An example of a speech recognition apparatus related to the present invention is described in Patent Document 1. As shown in FIG. 2, the speech recognition apparatus related to the present invention is configured to include speech input means 901, acoustic analysis means 902, a syllable recognition means (first stage recognition) 904, topic change candidate point setting means 905, language model setting means 906, word sequence search means (second stage recognition) 907, acoustic model storage means 903, differential model 908, language model 1 storage means 909-1, language model 2 storage means 909-2, . . . , and language model n storage means 909-n.

The speech recognition apparatus related to the present invention and configured as stated above operates as follows.

Namely, language models corresponding to different topics are stored in respective language model k storage means 909-k (k=1, . . . , n), the language models stored in the language model k storage means 909-k (k=1, . . . , n) are applied to respective parts of an input speech, the word sequence search means 907 searches n word sequences, selects a word sequence having a highest score, and sets the selected word sequence as a final recognition result.

Furthermore, another example of the speech recognition apparatus related to the present invention is described in Non-Patent Document 1. As shown in FIG. 3, the speech recognition apparatus related to the present invention is configured to include acoustic analysis means 31, word sequence search means 32, language model mixing means 33, and language model storage means 341, 342, . . . , and 34n. The speech recognition apparatus related to the present invention and configured as stated above operates as follows.

Namely, language models corresponding to different topics are stored in language model k storage means 341, 342, . . . , and 34n, respectively. The language model mixing means 33 mixes up the n language models to create one language model based on a mixture ratio calculated by a predetermined algorithm, and transmits the language model to the word sequence search means 32. The word sequence search means 32 receives one language model from the language model mixing means 33, searches a word sequence corresponding to an input speech signal and outputs the word sequence as a recognition result. Further, the word sequence search means 32 transmits the word sequence to the language model mixing means 33 and the language model mixing means 33 measures similarities between the language models stored in the respective language model storage means 341, 342, . . . , and 34n and the word sequence, and updates a value of the mixture ratio so that the mixture ratio for the language models having high similarities is high and so that the mixture ratio for the language models having low similarities is low.

Moreover, yet another example of the speech recognition apparatus related to the present invention is described in Patent Document 2. As shown in FIG. 4, the speech recognition apparatus related to the present invention is configured to include a topic-independent speech recognition 220, a topic detection 222, a topic-specific speech recognition 224, a topic-specific speech recognition 226, a selection 228, a selection 232, a selection 234, a selection 236, a selection 240, a topic storage 230, a topic comparison 238, and a hierarchical language model 40.

The speech recognition apparatus related to the present invention and configured as stated above operates as follows.

Namely, the hierarchical language model 40 includes a plurality of language models of a hierarchical structure as shown in FIG. 5. The topic-independent speech recognition 220 performs a speech recognition while referring to a topic-independent language model 70 located at a root node of the hierarchical structure, and outputs a word sequence as a recognition result.

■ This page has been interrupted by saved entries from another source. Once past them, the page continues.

(* Let $((x_1,\hat{y}_1,\hat{\gamma}_1), \dots, (x_T,\hat{y}_T,\hat{\gamma}_T))$ be a sequence of training examples $x_t \in \mathbb{R}^n$ together with label estimates $\hat{y}_t \in \{\pm 1\}$ and margin estimates $\hat{\gamma}_t > 0$, sorted in descending order of the margin estimates, and with $\|x_t\| \leq R$ for all $t \in \{1,\ldots,T\}$. Let $\hat{\gamma}=\min (\hat{\gamma}_1,\dots,\hat{\gamma}_T)=\hat{\gamma}_T$ and $K=\lceil R/\hat{\gamma} \rceil-1$. Suppose there exists a vector $u \in \mathbb{R}^n$ such that $\hat{y}_t \langle u, x_t\rangle \geq \hat{\gamma}$ for all $t$. Suppose the examples are divided into $K$ regions $1,\ldots,K$ such that every example $x_{t}$ in region $k$ satisfies $\hat{y}_{t}\langle x_{t}, u\rangle \geq k\hat{\gamma}$. Run the perceptron algorithm on this sequence (in the given order, with labels $\hat y_t$). Let $\varepsilon_1,\ldots,\varepsilon_K$ denote the number of mistakes made by the perceptron on the examples in each of the $K$ regions, let $\varepsilon=\sum_{k=1}^K \varepsilon_k$ be the total number of mistakes, and let $\varepsilon_s=\sqrt{\frac{1}{K}\sum_{k=1}^K (\varepsilon_k-\varepsilon/K)^2}$ be the standard deviation of $\{\varepsilon_1,\ldots,\varepsilon_K\}$. Then \[ \sqrt{\varepsilon} \leq \frac{R\|u\| + \sqrt{R^2\|u\|^2+\varepsilon_s K(K+1)^2\sqrt{K-1}\,\hat{\gamma}^2}}{\hat{\gamma}(K+1)} . \]
   Context: The perceptron algorithm on a sequence $(x_1,\hat y_1),\ldots,(x_T,\hat y_T)$ with $x_t\in\mathbb{R}^n$, $\hat y_t\in\{\pm1\}$: start with $w_1 = 0$; at step $t$, predict the label $\mathrm{sign}(\langle w_t, x_t\rangle)$; a mistake occurs at step $t$ if $\hat y_t \langle w_t, x_t\rangle \le 0$, in which case $w_{t+1} = w_t + \hat y_t x_t$; otherwise $w_{t+1} = w_t$. Here $\langle\cdot,\cdot\rangle$ is the Euclidean inner product and $\|\cdot\|$ the Euclidean norm. *)

From mathcomp Require Import all_boot all_order all_algebra.
From mathcomp Require Import reals.
Set Implicit Arguments. Unset Strict Implicit. Unset Printing Implicit Defensive.
Import Order.TTheory GRing.Theory Num.Theory.
Local Open Scope ring_scope.

Definition dotv (R : realType) (n : nat) (u v : 'rV[R]_n) : R :=
  \sum_(i < n) u ord0 i * v ord0 i.
Definition normv (R : realType) (n : nat) (u : 'rV[R]_n) : R :=
  Num.sqrt (dotv u u).

Fixpoint perc_w (R : realType) (n : nat) (x : nat -> 'rV[R]_n) (y : nat -> R)
    (t : nat) : 'rV[R]_n :=
  match t with
  | 0 => 0
  | t'.+1 => if y t' * dotv (perc_w x y t') (x t') <= 0
             then perc_w x y t' + y t' *: x t' else perc_w x y t'
  end.

Definition perc_mistake (R : realType) (n : nat) (x : nat -> 'rV[R]_n)
    (y : nat -> R) (t : nat) : bool :=
  y t * dotv (perc_w x y t) (x t) <= 0.

Definition region_mistakes (R : realType) (n T : nat) (x : nat -> 'rV[R]_n)
    (y : nat -> R) (reg : nat -> nat) (k : nat) : nat :=
  \sum_(t < T | (reg t == k) && perc_mistake x y t) 1%N.

Definition total_mistakes (R : realType) (n T : nat) (x : nat -> 'rV[R]_n)
    (y : nat -> R) (reg : nat -> nat) (K : nat) : nat :=
  \sum_(1 <= k < K.+1) region_mistakes T x y reg k.

Definition mistakes_std (R : realType) (n T : nat) (x : nat -> 'rV[R]_n)
    (y : nat -> R) (reg : nat -> nat) (K : nat) : R :=
  Num.sqrt (K%:R^-1 * \sum_(1 <= k < K.+1)
     ((region_mistakes T x y reg k)%:R
        - (total_mistakes T x y reg K)%:R / K%:R) ^+ 2).

From mathcomp Require Import all_boot all_order all_algebra.
From mathcomp Require Import reals ring lra.
Import Order.TTheory GRing.Theory Num.Theory.
Set Implicit Arguments. Unset Strict Implicit. Unset Printing Implicit Defensive.
Local Open Scope ring_scope.

(* The final perceptron weight is w = sum of y_t x_t over the
   mistakes, so |w|^2 <= eps R^2 (each mistake adds at most R^2), while
   <w, u> >= ghat sum_k k eps_k by the region margins.  Centering,
   sum_k k eps_k = (K+1)/2 eps + sum_k (k - (K+1)/2) (eps_k - eps/K), and
   Cauchy-Schwarz bounds the last sum below by -K (K-1)/2 eps_s.  Together with
   <w, u> <= |w| |u| this is a quadratic inequality in sqrt eps, and the claim
   is its larger root. *)

Lemma Cauchy_Schwarz_sum_sqr (R : realDomainType) (I : Type) (r : seq I) (a b : I -> R) :
  (\sum_(i <- r) a i * b i) ^+ 2 <=
  (\sum_(i <- r) a i ^+ 2) * (\sum_(i <- r) b i ^+ 2).
Proof.
(* Lagrange's identity. *)
have : 0 <= \sum_(i <- r) \sum_(j <- r) (a i * b j - a j * b i) ^+ 2.
  by apply: sumr_ge0 => i _; apply: sumr_ge0 => j _; apply: sqr_ge0.
have -> : \sum_(i <- r) \sum_(j <- r) (a i * b j - a j * b i) ^+ 2 =
  \sum_(i <- r) \sum_(j <- r) (a i ^+ 2 * b j ^+ 2)
  + \sum_(i <- r) \sum_(j <- r) (b i ^+ 2 * a j ^+ 2)
  - (\sum_(i <- r) \sum_(j <- r) ((a i * b i) * (a j * b j))) *+ 2.
  rewrite -big_split -sumrMnl -sumrB; apply: eq_bigr => i _.
  rewrite -big_split -sumrMnl -sumrB; apply: eq_bigr => j _.
  by rewrite /=; ring.
rewrite -!big_distrlr /= (mulrC (\sum_(i <- r) b i ^+ 2)) expr2.
lra.
Qed.

Lemma Cauchy_Schwarz_sum (R : rcfType) (I : Type) (r : seq I) (a b : I -> R) :
  \sum_(i <- r) a i * b i <=
  Num.sqrt (\sum_(i <- r) a i ^+ 2) * Num.sqrt (\sum_(i <- r) b i ^+ 2).
Proof.
have a_ge0 : 0 <= \sum_(i <- r) a i ^+ 2 by apply: sumr_ge0 => i _; apply: sqr_ge0.
rewrite -sqrtrM // (le_trans (ler_norm _)) // -sqrtr_sqr.
exact/ler_wsqrtr/Cauchy_Schwarz_sum_sqr.
Qed.

Lemma quadratic_le_root (R : rcfType) (a b d s : R) :
  0 < a -> a * s ^+ 2 <= b * s + d ->
  s <= (b + Num.sqrt (b ^+ 2 + 4 * a * d)) / (2 * a).
Proof.
move=> a_gt0 quad.
have disc : (2 * a * s - b) ^+ 2 <= b ^+ 2 + 4 * a * d.
  have := ler_wpM2l (ltW a_gt0) quad; rewrite !expr2; nra.
rewrite ler_pdivlMr ?mulr_gt0 // -lerBlDl mulrC (le_trans (ler_norm _)) //.
by rewrite -sqrtr_sqr ler_wsqrtr.
Qed.

Section InnerProduct.
Variables (R : realType) (n : nat).
Implicit Types (a b c : 'rV[R]_n) (k : R).

Lemma dotvC a b : dotv a b = dotv b a.
Proof. by apply: eq_bigr => i _; rewrite mulrC. Qed.

Lemma dotvDl a b c : dotv (a + b) c = dotv a c + dotv b c.
Proof. by rewrite /dotv -big_split; apply: eq_bigr => i _; rewrite mxE mulrDl. Qed.

Lemma dotvZl k a b : dotv (k *: a) b = k * dotv a b.
Proof. by rewrite /dotv mulr_sumr; apply: eq_bigr => i _; rewrite mxE mulrA. Qed.

Lemma dotvZr k a b : dotv a (k *: b) = k * dotv a b.
Proof. by rewrite dotvC dotvZl dotvC. Qed.

Lemma dot0v a : dotv 0 a = 0.
Proof. by rewrite /dotv big1 // => i _; rewrite mxE mul0r. Qed.

Lemma dotvv_ge0 a : 0 <= dotv a a.
Proof. by apply: sumr_ge0 => i _; rewrite -expr2 sqr_ge0. Qed.

Lemma dotvDD a b : dotv (a + b) (a + b) = dotv a a + 2 * dotv a b + dotv b b.
Proof. by rewrite dotvDl !(dotvC _ (a + b)) !dotvDl (dotvC b a); ring. Qed.

Lemma normv_ge0 a : 0 <= normv a.
Proof. exact: sqrtr_ge0. Qed.

Lemma sqr_normv a : normv a ^+ 2 = dotv a a.
Proof. by rewrite sqr_sqrtr // dotvv_ge0. Qed.

Lemma dotv_le_normv a b : dotv a b <= normv a * normv b.
Proof.
have := Cauchy_Schwarz_sum (index_enum 'I_n) (fun i => a ord0 i) (fun i => b ord0 i).
by rewrite !(eq_bigr _ (fun i _ => expr2 _)).
Qed.

End InnerProduct.

Lemma subr1_le_sqrt (R : rcfType) (z : R) :
  1 <= z -> z - 1 <= (z + 1) * Num.sqrt (z - 1).
Proof.
move=> z_ge1; have q_ge0 := sqrtr_ge0 (z - 1).
have q_sqr : Num.sqrt (z - 1) ^+ 2 = z - 1 by rewrite sqr_sqrtr // subr_ge0.
by rewrite -[X in X <= _]q_sqr; nra.
Qed.

Definition stddev (R : rcfType) (K : nat) (e : nat -> R) : R :=
  Num.sqrt (K%:R^-1 * \sum_(1 <= k < K.+1)
              (e k - (\sum_(1 <= j < K.+1) e j) / K%:R) ^+ 2).

Section IndexWeightedSum.
Variables (R : rcfType) (K : nat).

Lemma sum_index_centered : \sum_(1 <= k < K.+1) (k%:R - (K%:R + 1) / 2 : R) = 0.
Proof.
have gauss : \sum_(1 <= k < K.+1) (k%:R : R) = K%:R * (K%:R + 1) / 2.
  elim: (K) => [|m IH]; first by rewrite big_geq // mul0r mul0r.
  by rewrite big_nat_recr //= IH -addn1 natrD; field.
by rewrite sumrB gauss sumr_const_nat subn1 -mulr_natl; field.
Qed.

Lemma sum_index_centered_sqr_le :
  \sum_(1 <= k < K.+1) (k%:R - (K%:R + 1) / 2) ^+ 2 <= K%:R * ((K%:R - 1) / 2) ^+ 2 :> R.
Proof.
have -> : K%:R * ((K%:R - 1) / 2) ^+ 2 = \sum_(1 <= k < K.+1) ((K%:R - 1) / 2 : R) ^+ 2.
  by rewrite sumr_const_nat subn1 mulr_natl.
apply: ler_sum_nat => k /andP[k_ge1 k_le].
have : 1 <= (k%:R : R) <= K%:R by rewrite ler1n k_ge1 ler_nat -ltnS.
by rewrite !expr2 => /andP[? ?]; nra.
Qed.

Hypothesis K_gt0 : (0 < K)%N.
Variable e : nat -> R.
Let mean := (\sum_(1 <= j < K.+1) e j) / K%:R.

Lemma sum_sqr_deviation :
  \sum_(1 <= k < K.+1) (e k - mean) ^+ 2 = K%:R * stddev K e ^+ 2.
Proof.
rewrite sqr_sqrtr ?mulrA ?mulfV ?mul1r // ?pnatr_eq0 -?lt0n //.
by rewrite mulr_ge0 ?invr_ge0 ?sumr_ge0 // => k _; apply: sqr_ge0.
Qed.

Lemma index_weighted_sum_ge :
  (K%:R + 1) / 2 * \sum_(1 <= k < K.+1) e k - K%:R * (K%:R - 1) / 2 * stddev K e
    <= \sum_(1 <= k < K.+1) k%:R * e k.
Proof.
set c : R := (K%:R + 1) / 2; set sd := stddev K e.
have centered : \sum_(1 <= k < K.+1) (k%:R - c) * (mean - e k) =
                c * \sum_(1 <= k < K.+1) e k - \sum_(1 <= k < K.+1) k%:R * e k.
  rewrite (eq_bigr (fun k => mean * (k%:R - c) - (k%:R * e k - c * e k))) => [|k _].
    by rewrite !sumrB -!mulr_sumr sum_index_centered mulr0 sub0r opprB.
  by rewrite /=; ring.
have dev_sqr : \sum_(1 <= k < K.+1) (mean - e k) ^+ 2 = K%:R * sd ^+ 2.
  by rewrite -sum_sqr_deviation; apply: eq_bigr => k _; rewrite -sqrrN opprB.
have sd_ge0 : 0 <= sd := sqrtr_ge0 _.
have K_ge1 : 1 <= (K%:R : R) by rewrite ler1n.
have cs_bound : Num.sqrt (\sum_(1 <= k < K.+1) (k%:R - c) ^+ 2) *
                Num.sqrt (\sum_(1 <= k < K.+1) (mean - e k) ^+ 2)
                  <= K%:R * (K%:R - 1) / 2 * sd.
  have bound_ge0 : 0 <= K%:R * (K%:R - 1) / 2 * sd.
    by rewrite !mulr_ge0 ?invr_ge0 // subr_ge0.
  rewrite -sqrtrM; last by apply: sumr_ge0 => k _; apply: sqr_ge0.
  rewrite -(ger0_norm bound_ge0) -sqrtr_sqr ler_wsqrtr //.
  have -> : (K%:R * (K%:R - 1) / 2 * sd) ^+ 2 = K%:R * ((K%:R - 1) / 2) ^+ 2 * (K%:R * sd ^+ 2).
    by rewrite /=; field.
  by rewrite dev_sqr ler_wpM2r ?mulr_ge0 ?sqr_ge0 ?ler0n ?sum_index_centered_sqr_le.
have := Cauchy_Schwarz_sum (index_iota 1 K.+1) (fun k => k%:R - c) (fun k => mean - e k).
rewrite centered; lra.
Qed.

End IndexWeightedSum.

Section Perceptron.
Variables (R : realType) (n : nat) (x : nat -> 'rV[R]_n) (y : nat -> R).
Local Notation w := (perc_w x y).
Local Notation mistake := (perc_mistake x y).

Lemma dotv_perc_w u t :
  dotv (w t) u = \sum_(s < t | mistake s) y s * dotv (x s) u.
Proof.
elim: t => [|t IH]; first by rewrite big_ord0 dot0v.
rewrite big_mkcond big_ord_recr -big_mkcond /= -IH /perc_mistake.
by case: ifP; rewrite ?dotvDl ?dotvZl ?addr0.
Qed.

Lemma dotv_perc_w_self_le t :
  dotv (w t) (w t) <= \sum_(s < t | mistake s) y s ^+ 2 * dotv (x s) (x s).
Proof.
elim: t => [|t IH]; first by rewrite big_ord0 dot0v.
rewrite big_mkcond big_ord_recr -big_mkcond /= /perc_mistake.
case: ifP => [wrong|_]; last by rewrite addr0.
rewrite dotvDD dotvZl !dotvZr; nra.
Qed.

Lemma normv_perc_w_le T Rb :
  0 <= Rb ->
  (forall t, (t < T)%N -> y t = 1 \/ y t = -1) ->
  (forall t, (t < T)%N -> normv (x t) <= Rb) ->
  normv (w T) <= Num.sqrt (\sum_(t < T | mistake t) 1) * Rb.
Proof.
move=> Rb_ge0 y_sign x_le.
rewrite -(ger0_norm Rb_ge0) -sqrtr_sqr -sqrtrM ?sumr_ge0 //.
rewrite -[normv _]ger0_norm ?normv_ge0 // -sqrtr_sqr ler_wsqrtr // sqr_normv mulr_suml.
apply: (le_trans (dotv_perc_w_self_le T)); apply: ler_sum => t _.
have y_sqr : y t ^+ 2 = 1 by case: (y_sign t (ltn_ord t)) => ->; rewrite ?sqrrN expr1n.
by rewrite y_sqr !mul1r -sqr_normv ler_sqr ?nnegrE ?normv_ge0 ?x_le.
Qed.

End Perceptron.

Section Regions.
Variables (R : realType) (n T K : nat) (x : nat -> 'rV[R]_n) (y : nat -> R).
Variable reg : nat -> nat.
Hypothesis reg_range : forall t, (t < T)%N -> (1 <= reg t <= K)%N.

Lemma sum_mistakes_by_region (F : nat -> R) :
  \sum_(t < T | perc_mistake x y t) F (reg t) =
  \sum_(1 <= k < K.+1) F k * (region_mistakes T x y reg k)%:R.
Proof.
under [RHS]eq_bigr => k _ do
  rewrite /region_mistakes natr_sum mulr_sumr big_mkcond /=.
rewrite exchange_big /= [LHS]big_mkcond; apply: eq_bigr => t _.
case: ifP => [mis|_]; last by rewrite big1 // => k _; rewrite andbF.
rewrite (bigD1_seq (reg t)) ?iota_uniq ?mem_index_iota ?reg_range //=.
by rewrite eqxx mulr1 big1 ?addr0 // => k /negbTE; rewrite eq_sym => ->.
Qed.

Lemma sum_mistakes_count :
  \sum_(t < T | perc_mistake x y t) 1 = (total_mistakes T x y reg K)%:R :> R.
Proof.
rewrite (sum_mistakes_by_region (fun=> 1)) /total_mistakes natr_sum.
by apply: eq_bigr => k _; rewrite mul1r.
Qed.

Lemma dotv_perc_w_ge_mistakes (g : R) (u : 'rV[R]_n) :
  (0 < K)%N -> 0 <= g ->
  (forall t, (t < T)%N -> (reg t)%:R * g <= y t * dotv (x t) u) ->
  g * ((K%:R + 1) / 2 * (total_mistakes T x y reg K)%:R
       - K%:R * (K%:R - 1) / 2 * mistakes_std T x y reg K)
    <= dotv (perc_w x y T) u.
Proof.
move=> K_gt0 g_ge0 margin.
pose e k : R := (region_mistakes T x y reg k)%:R.
have -> : mistakes_std T x y reg K = stddev K e.
  by rewrite /mistakes_std /total_mistakes natr_sum.
rewrite /total_mistakes natr_sum.
apply: le_trans (ler_wpM2l g_ge0 (index_weighted_sum_ge K_gt0 e)) _.
rewrite -sum_mistakes_by_region dotv_perc_w mulr_sumr.
by apply: ler_sum => t _; rewrite mulrC margin.
Qed.

End Regions.

Theorem theorem2 (R : realType) (n T : nat)
    (x : nat -> 'rV[R]_n) (y : nat -> R) (gam : nat -> R)
    (Rb : R) (u : 'rV[R]_n) (K : nat) (reg : nat -> nat) :
  (0 < T)%N ->
  (forall t, (t < T)%N -> y t = 1 \/ y t = -1) ->
  (forall t, (t < T)%N -> 0 < gam t) ->
  (forall s t, (s <= t)%N -> (t < T)%N -> gam t <= gam s) ->
  (forall t, (t < T)%N -> normv (x t) <= Rb) ->
  let ghat := gam T.-1 in
  (K%:Z = Num.ceil (Rb / ghat) - 1)%R ->
  (forall t, (t < T)%N -> ghat <= y t * dotv u (x t)) ->
  (forall t, (t < T)%N -> (1 <= reg t <= K)%N) ->
  (forall t, (t < T)%N -> (reg t)%:R * ghat <= y t * dotv (x t) u) ->
  let eps := (total_mistakes T x y reg K)%:R in
  let eps_s := mistakes_std T x y reg K in
  Num.sqrt eps <=
    (Rb * normv u
     + Num.sqrt (Rb ^+ 2 * normv u ^+ 2
                 + eps_s * K%:R * (K%:R + 1) ^+ 2 * Num.sqrt (K%:R - 1) * ghat ^+ 2))
    / (ghat * (K%:R + 1)).
Proof.
(* Only the region margins matter: the ordering of the margins, the global
   margin of u and the value of K are not used. *)
move=> T_gt0 y_sign gam_gt0 _ x_le ghat _ _ reg_range reg_margin; cbv zeta.
set eps := (total_mistakes T x y reg K)%:R; set eps_s := mistakes_std T x y reg K.
have ghat_gt0 : 0 < ghat by apply: gam_gt0; rewrite prednK.
have K_gt0 : (0 < K)%N by case/andP: (reg_range 0%N T_gt0); apply: leq_trans.
have Rb_ge0 : 0 <= Rb := le_trans (normv_ge0 _) (x_le 0%N T_gt0).
have w_norm := normv_perc_w_le Rb_ge0 y_sign x_le.
rewrite (sum_mistakes_count x y reg_range) -/eps in w_norm.
have w_u := dotv_perc_w_ge_mistakes reg_range K_gt0 (ltW ghat_gt0) reg_margin.
rewrite -/eps -/eps_s in w_u.
have K_ge1 : 1 <= (K%:R : R) by rewrite ler1n.
set q := Num.sqrt (K%:R - 1).
(* The paper weakens K - 1 to (K + 1) sqrt (K - 1). *)
have sd_le : K%:R * (K%:R - 1) / 2 * eps_s <= eps_s * K%:R * (K%:R + 1) * q / 2.
  have sdK_ge0 : 0 <= eps_s * K%:R / 2 by rewrite !mulr_ge0 ?invr_ge0 ?sqrtr_ge0.
  have := ler_wpM2l sdK_ge0 (subr1_le_sqrt K_ge1); rewrite -/q; lra.
pose a := ghat * ((K%:R + 1) / 2); pose d := ghat * (eps_s * K%:R * (K%:R + 1) * q / 2).
have key : a * Num.sqrt eps ^+ 2 <= Rb * normv u * Num.sqrt eps + d.
  have := le_trans w_u (le_trans (dotv_le_normv _ u) (ler_wpM2r (normv_ge0 u) w_norm)).
  have := ler_wpM2l (ltW ghat_gt0) sd_le.
  rewrite /a /d sqr_sqrtr ?ler0n //; nra.
have -> : ghat * (K%:R + 1) = 2 * a by rewrite /a; field.
have -> : eps_s * K%:R * (K%:R + 1) ^+ 2 * q * ghat ^+ 2 = 4 * a * d by rewrite /a /d; field.
rewrite -exprMn; apply: quadratic_le_root key.
by rewrite /a mulr_gt0 //; lra.
Qed.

The topic detection 222 selects one of topic-specific language models 100 to 122 located at respective leaf nodes of the hierarchical structure based on the word sequence as a first stage recognition result. The topic-specific speech recognition 224 refers to the topic-specific language model selected by the topic detection 222 and to a language model corresponding to a parent node of the selected topic-specific language model, performs speech recognitions on the both language models independently, calculates word sequences as recognition results, compares the both word sequences, selects one language model having a higher score, and outputs the selected language model. The selection 234 compares the recognition result output from the topic-independent speech recognition 220 with that output from the topic-specific speech recognition 224, selects one language model having a higher score, and outputs the selected language model.

Patent Document 1: JP-A-No. 2002-229589

Patent Document 2: JP-A-No. 2004-198597

Patent Document 3: JP-A-No. 2002-091484

Non-Patent Document 1: Mishina and Yamamoto: “Context adaptation using variational Bayesian learning for ngram models based on probabilistic LSA” TECHNICAL REPORT OF IEICE, Vol. J87-D-II, Seventh Issue, July 2004, pp. 1409-1417.

DISCLOSURE OF THE INVENTION Problems to be Solved by the Invention

A first problem is as follows. If the speech recognition is independently performed while referring to all of a plurality of language models prepared for respective topics, the recognition result cannot be obtained within practical processing time using a calculating machine having standard performance.

The reason for the first problem is that the number of speech recognition processings increases proportionally to the number of types of topics, i.e., the number of language models in the speech recognition apparatus related to the present invention and described in the Patent Document 1.

A second problem is as follows. If only the language model related to a specific topic is selected according to an input speech, the topic cannot be accurately estimated depending on a content of the topic included in the input speech. In that case, language model adaptation fails, resulting in incapability to ensure high recognition accuracy.

The reason for the second problem is that the topic, that is, a content of sentences cannot be normally decided definitively. Namely, the topic contains vagueness. Furthermore, as topics include general topics and special topics, range of topics may possibly be various levels.

For example, if a language model related to a global politics related topic and a language model related to a sports related topic are present, it is generally possible to estimate a topic from speech about global politics and speech about sports. However, such a topic as “the Olympics are boycotted because of deteriorated political situations among the states” involves both the global politics related topic and the sports related topic. A speech about such a topic is located at a far position from both of the language models, with the result that the topic is often misestimated.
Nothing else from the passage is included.